If you’re not rich, you may not be familiar with Bar Harbor. It’s a summer playground for New England’s wealthy. The filthy rich fly there private. The “merely wealthy” fly there on your tab, dear taxpayer, and Pete Buttigieg suggests he wants to keep that subsidy in place.
It’s called Essential Air Services. It was created in 1978 as Congress deregulated airlines to guarantee commercial flights kept going to far-flung places. As with any federal program, that original intention is now corrupted by waste and exploitation.
Some subsidized flights are empty or nearly empty because they connect two cities more easily connected by car or nearby large airports. Some subsidized flights are on luxury jets.
Whatever the virtues of Essential Air Services, it’s obviously bloated and functions as welfare for the rich. And Buttigieg supports it, just as he supports any big government programs that support or are supported by Big Business and the rich.

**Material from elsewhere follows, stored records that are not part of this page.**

(* If $d_Y\colon Y\times Y\to\mathcal{V}$ is a $\mathcal{V}$-category (i.e. $k\sqsubseteq d_Y(y,y)$ and $d_Y(y_1,y_2)\otimes d_Y(y_2,y_3)\sqsubseteq d_Y(y_1,y_3)$ for all $y,y_1,y_2,y_3\in Y$), then for every function $f\colon X\to Y$, \[\{q\circ f\mid q\in\gamma_Y(d_Y)\}\;=\;\gamma_X(d_Y\circ(f\times f)),\] i.e. $\gamma$ is natural when restricted to $\mathcal{V}$-categories.
   Context: $\mathcal{V}$ is a quantale: a complete lattice $(\mathcal{V},\sqsubseteq)$ with a commutative monoid structure $(\mathcal{V},\otimes,k)$ such that $\otimes$ preserves arbitrary joins in each argument; $d_\mathcal{V}(a,-)$ denotes the right adjoint of $a\otimes -$ (residuation). Write $\bigwedge$ for meets in the order $\sqsubseteq$. For a set $X$ and $S\subseteq\mathcal{V}^X$, $\alpha_X(S)(x_1,x_2)=\bigwedge_{p\in S} d_\mathcal{V}(p(x_1),p(x_2))$; for $d_X\colon X\times X\to\mathcal{V}$, $\gamma_X(d_X)=\{p\colon X\to\mathcal{V}\mid d_X(x_1,x_2)\sqsubseteq d_\mathcal{V}(p(x_1),p(x_2))\text{ for all }x_1,x_2\}$. *)

(* A quantale is given as an explicit record:
   a complete lattice (partial order with arbitrary joins) together with a
   commutative monoid (tensor, k) whose tensor preserves arbitrary joins
   in each argument (by commutativity, preservation in the second argument
   suffices). *)

Record quantale := Quantale {
  qcar :> Type;
  qle : qcar -> qcar -> Prop;
  qle_refl : forall a, qle a a;
  qle_trans : forall a b c, qle a b -> qle b c -> qle a c;
  qle_antisym : forall a b, qle a b -> qle b a -> a = b;
  qsup : (qcar -> Prop) -> qcar;
  qsup_ub : forall (S : qcar -> Prop) a, S a -> qle a (qsup S);
  qsup_least : forall (S : qcar -> Prop) b,
      (forall a, S a -> qle a b) -> qle (qsup S) b;
  qtensor : qcar -> qcar -> qcar;
  qunit : qcar;
  qtensor_assoc : forall a b c, qtensor a (qtensor b c) = qtensor (qtensor a b) c;
  qtensor_comm : forall a b, qtensor a b = qtensor b a;
  qtensor_unit : forall a, qtensor qunit a = a;
  qtensor_sup : forall a (S : qcar -> Prop),
      qtensor a (qsup S) = qsup (fun c => exists b, S b /\ c = qtensor a b)
}.

Arguments qle {_}.
Arguments qsup {_}.
Arguments qtensor {_}.
Arguments qunit {_}.

Definition qinf {V : quantale} (S : V -> Prop) : V :=
  qsup (fun c => forall a, S a -> qle c a).

Definition dV {V : quantale} (a b : V) : V :=
  qsup (fun c => qle (qtensor a c) b).

Definition alphaV {V : quantale} {X : Type} (S : (X -> V) -> Prop) (x1 x2 : X) : V :=
  qinf (fun c => exists p, S p /\ c = dV (p x1) (p x2)).

Definition gammaV {V : quantale} {X : Type} (dX : X -> X -> V) : (X -> V) -> Prop :=
  fun p => forall x1 x2, qle (dX x1 x2) (dV (p x1) (p x2)).

Definition is_Vcategory {V : quantale} {Y : Type} (dY : Y -> Y -> V) : Prop :=
  (forall y, qle qunit (dY y y)) /\
  (forall y1 y2 y3, qle (qtensor (dY y1 y2) (dY y2 y3)) (dY y1 y3)).

(* Given p in gamma_X(d_Y o (f x f)), extend it along f by the left Kan
   extension q y = \/_x p(x) (x) d_Y(f x, y).  Transitivity of d_Y makes q an
   element of gamma_Y(d_Y); reflexivity gives p <= q o f, and p in gamma_X gives
   q o f <= p.  The other inclusion is immediate from the definitions. *)

From Stdlib Require Import FunctionalExtensionality PropExtensionality.

Section QuantaleFacts.
Context {V : quantale}.

Lemma qtensor_mono_r (a b c : V) : qle a b -> qle (qtensor c a) (qtensor c b).
Proof.
  intros Hab.
  (* b is the join of {a, b}, and the tensor preserves that join. *)
  assert (Hjoin : qsup (fun x => x = a \/ x = b) = b).
  { apply qle_antisym.
    - apply qsup_least. intros x [-> | ->]; [exact Hab | apply qle_refl].
    - apply qsup_ub. now right. }
  rewrite <- Hjoin, qtensor_sup. apply qsup_ub. exists a. split; [now left | reflexivity].
Qed.

Lemma qtensor_unit_r (a : V) : qtensor a qunit = a.
Proof. now rewrite qtensor_comm, qtensor_unit. Qed.

Lemma le_dV (a b c : V) : qle c (dV a b) <-> qle (qtensor a c) b.
Proof.
  split; intros H.
  - eapply qle_trans; [apply qtensor_mono_r, H |].
    unfold dV. rewrite qtensor_sup. apply qsup_least.
    intros x [y [Hy ->]]. exact Hy.
  - now apply qsup_ub.
Qed.

Lemma gammaV_tensorP (X : Type) (d : X -> X -> V) (p : X -> V) :
  gammaV d p <-> forall x1 x2, qle (qtensor (p x1) (d x1 x2)) (p x2).
Proof.
  unfold gammaV. split; intros H x1 x2; apply le_dV, H.
Qed.

End QuantaleFacts.

Section KanExtension.
Variables (V : quantale) (X Y : Type) (dY : Y -> Y -> V) (f : X -> Y).

Definition lan (p : X -> V) (y : Y) : V :=
  qsup (fun c => exists x, c = qtensor (p x) (dY (f x) y)).

Lemma gammaV_comp (q : Y -> V) :
  gammaV dY q -> gammaV (fun x1 x2 => dY (f x1) (f x2)) (fun x => q (f x)).
Proof. intros Hq x1 x2. apply Hq. Qed.

Lemma gammaV_lan (p : X -> V) :
  (forall y1 y2 y3, qle (qtensor (dY y1 y2) (dY y2 y3)) (dY y1 y3)) ->
  gammaV dY (lan p).
Proof.
  intros Htrans. apply gammaV_tensorP. intros y1 y2.
  unfold lan. rewrite qtensor_comm, qtensor_sup. apply qsup_least.
  intros c [b [[x ->] ->]].
  eapply qle_trans; [| apply qsup_ub; now exists x].
  rewrite qtensor_comm, <- qtensor_assoc. apply qtensor_mono_r, Htrans.
Qed.

Lemma lan_comp (p : X -> V) :
  (forall y, qle qunit (dY y y)) ->
  gammaV (fun x1 x2 => dY (f x1) (f x2)) p ->
  (fun x => lan p (f x)) = p.
Proof.
  intros Hrefl Hp. apply functional_extensionality. intros x.
  apply qle_antisym.
  - unfold lan. apply qsup_least. intros c [x' ->].
    apply le_dV, Hp.
  - eapply qle_trans; [| apply qsup_ub; now exists x].
    rewrite <- (qtensor_unit_r (p x)) at 1. apply qtensor_mono_r, Hrefl.
Qed.

End KanExtension.

Arguments lan {V X Y} dY f p y.

Theorem mainTheorem5 (V : quantale) (X Y : Type) (dY : Y -> Y -> V)
  (HdY : is_Vcategory dY) (f : X -> Y) :
  (fun p : X -> V => exists q : Y -> V, gammaV dY q /\ p = (fun x => q (f x)))
  = gammaV (fun x1 x2 : X => dY (f x1) (f x2)).
Proof.
  destruct HdY as [Hrefl Htrans].
  apply functional_extensionality. intros p.
  apply propositional_extensionality. split.
  - intros [q [Hq ->]]. now apply gammaV_comp.
  - intros Hp. exists (lan dY f p). split.
    + now apply gammaV_lan.
    + symmetry. now apply lan_comp.
Qed.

Buttigieg, President Biden’s nominee for secretary of transportation, had his first Senate hearing today, and he pledged his support for EAS, for the Jones Act, and sided with the U.S. Chamber of Commerce in expressing openness to a gas-tax hike on drivers.

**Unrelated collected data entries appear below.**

Fixpoint rbox (l N : nat) (F : list nat -> R) : R :=
  match l with
  | O => F nil
  | S l' => rsum (seq 1 N) (fun m => rbox l' N (fun t => F (m :: t)))
  end.

Lemma rbox_ext l N F G : (forall n, F n = G n) -> rbox l N F = rbox l N G.
Proof.
  revert F G; induction l; simpl; intros F G H; auto.
  apply rsum_ext; intros; apply IHl; auto.
Qed.

Lemma rbox_le l N F G : (forall n, F n <= G n) -> rbox l N F <= rbox l N G.
Proof.
  revert F G; induction l; simpl; intros F G H; auto.
  apply rsum_le; intros; apply IHl; auto.
Qed.

Lemma rbox_plus l N F G : rbox l N (fun n => F n + G n) = rbox l N F + rbox l N G.
Proof.
  revert F G; induction l; simpl; intros F G; auto.
  rewrite <- rsum_plus. apply rsum_ext; intros; apply IHl.
Qed.

Lemma rbox_scal l N c F : rbox l N (fun n => c * F n) = c * rbox l N F.
Proof.
  revert F; induction l; simpl; intros F; auto.
  rewrite <- rsum_scal. apply rsum_ext; intros; apply IHl.
Qed.

Lemma rbox_minus l N F G : rbox l N (fun n => F n - G n) = rbox l N F - rbox l N G.
Proof.
  rewrite (rbox_ext _ _ _ (fun n => F n + (-1) * G n)) by (intros; ring).
  rewrite rbox_plus, rbox_scal. ring.
Qed.

Lemma rbox_const l N c : rbox l N (fun _ => c) = INR N ^ l * c.
Proof.
  induction l; simpl; [lra|].
  rewrite (rsum_ext _ _ (fun _ => INR N ^ l * c)) by auto. rewrite rsum_const, length_seq. lra.
Qed.

Lemma rbox_rsum l N s G :
  rbox l N (fun n => rsum s (fun j => G j n)) = rsum s (fun j => rbox l N (G j)).
Proof. induction s; simpl; [rewrite rbox_const; lra|]. rewrite rbox_plus, IHs. auto. Qed.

Buttigieg, as a presidential candidate, endorsed a long-term extension of EAS. In his confirmation hearing, he praised EAS as a “pillar” of the U.S. air travel system.
The U.S. Chamber of Commerce has long lobbied to hike gas taxes in order to expand the pool of money spent on infrastructure. Biden promised not to raise taxes on anyone earning less than $400,000, but a gas tax would obviously violate that pledge. Nevertheless, Buttigieg said he was open to hiking the gas tax.

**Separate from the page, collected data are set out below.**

Lemma lorentz_lie_sqr_entry_eq0 : lorentz_skew A -> lorentz_skew B ->
  comm_mx A C -> comm_mx B C -> (C *m C *m (C *m C)) i0 i0 = 0 ->
  (C *m C) i0 i0 *: (C *m C) = C *m C *m E *m (C *m C) -> (C *m C) i0 i0 = 0.
Proof.
move=> A_skew B_skew AC BC; have sqr_entry := lorentz_lie_sqr_entry A_skew B_skew AC BC.
have := lorentz_skew_lie A_skew B_skew.
move: sqr_entry AC BC; set C := lie A B; set W := C *m C => sqr_entry AC BC C_skew W2_0 rank1.
apply/eqP; apply: contraT => W0.
have W_sym : W^T = J *m W *m J by exact: lorentz_skew_sqrT.
have AWE : A *m W *m E = 0 by apply: lorentz_comm_rank1 => //; exact: comm_mxM.
have BWE : B *m W *m E = 0 by apply: lorentz_comm_rank1 => //; exact: comm_mxM.
have CWE : C *m W *m E = 0.
  have -> : C *m W *m E = A *m (B *m W *m E) - B *m (A *m W *m E).
    by rewrite /C !mulmxBl !mulmxA.
  by rewrite AWE BWE !mulmx0 subrr.
have entryE (X : 'M[R]_n) : X i0 i0 = (X *m E) i0 i0 by rewrite mulmx_deltaE eqxx mulr1.
have WW : minkowski W W = 0.
  rewrite /minkowski W_sym -(mulmxA _ J J) lorentz_mx_invol mulmx1 -mulmxA.
  by rewrite lorentz_mx_mul_entry W2_0 oppr0.
have AW : minkowski A W = 0 by rewrite minkowski_skewl // entryE AWE mxE.
have CBW : minkowski (C *m B) W = 0.
  by rewrite minkowski_skew_mull // minkowski_skewl // entryE -mulmxA CWE mulmx0 mxE oppr0.
have BWB : (B *m W *m B) i0 i0 = 0.
  have : W i0 i0 *: (B *m W *m B) = B *m W *m E *m (W *m B).
    by rewrite scalemxAl scalemxAr rank1 !mulmxA.
  move/(congr1 (fun X : 'M[R]_n => X i0 i0)).
  rewrite [(_ *: _ : 'M_n) _ _]mxE mul_delta_mul_entry [(B *m W) i0 i0]entryE BWE.
  rewrite [(0 : 'M_n) _ _]mxE mul0r.
  by move/eqP; rewrite mulf_eq0 (negbTE W0) => /eqP.
have CBCB : minkowski (C *m B) (C *m B) = 0.
  by rewrite minkowski_skew_mull // minkowski_skewl // (mulmxA C C B) mulmxA -/W BWB oppr0.
by move: (W0); rewrite sqr_entry (minkowski_null_orth_eq0 W0 WW AW CBW CBCB) mulr0 eqxx.
Qed.

Lemma lorentz_heisenberg : lorentz_skew A -> lorentz_skew B ->
  comm_mx A C -> comm_mx B C -> C = 0.
Proof.
move=> A_skew B_skew AC BC; have C_skew := lorentz_skew_lie A_skew B_skew.
have trW : \tr (C *m C) = 0 by apply: mxtrace_mul_lie; exact: comm_mx_sym.
have trW2 : \tr (C *m C *m (C *m C)) = 0.
  rewrite !mulmxA; apply: mxtrace_mul_lie; apply: comm_mx_sym.
  exact: comm_mxM (comm_mxM AC AC) AC.
have [W2_0 rank1] := lorentz_sqr_rank1 C_skew trW2.
exact: lorentz_skew_eq0 C_skew (lorentz_lie_sqr_entry_eq0 A_skew B_skew AC BC W2_0 rank1) trW.
Qed.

Most indefensibly, Buttigieg said he supports the Jones Act. The Jones Act is corporate welfare for the U.S. shipping industry that impoverishes the people of Hawaii and Puerto Rico. The 1920 law makes it illegal to ship anything between U.S. ports except on U.S.-flagged ships staffed mostly with U.S. crews.
The well-connected, the biggest lobbying powerhouses, and the wealthy jet setters will all benefit from Buttigieg’s transportation policy.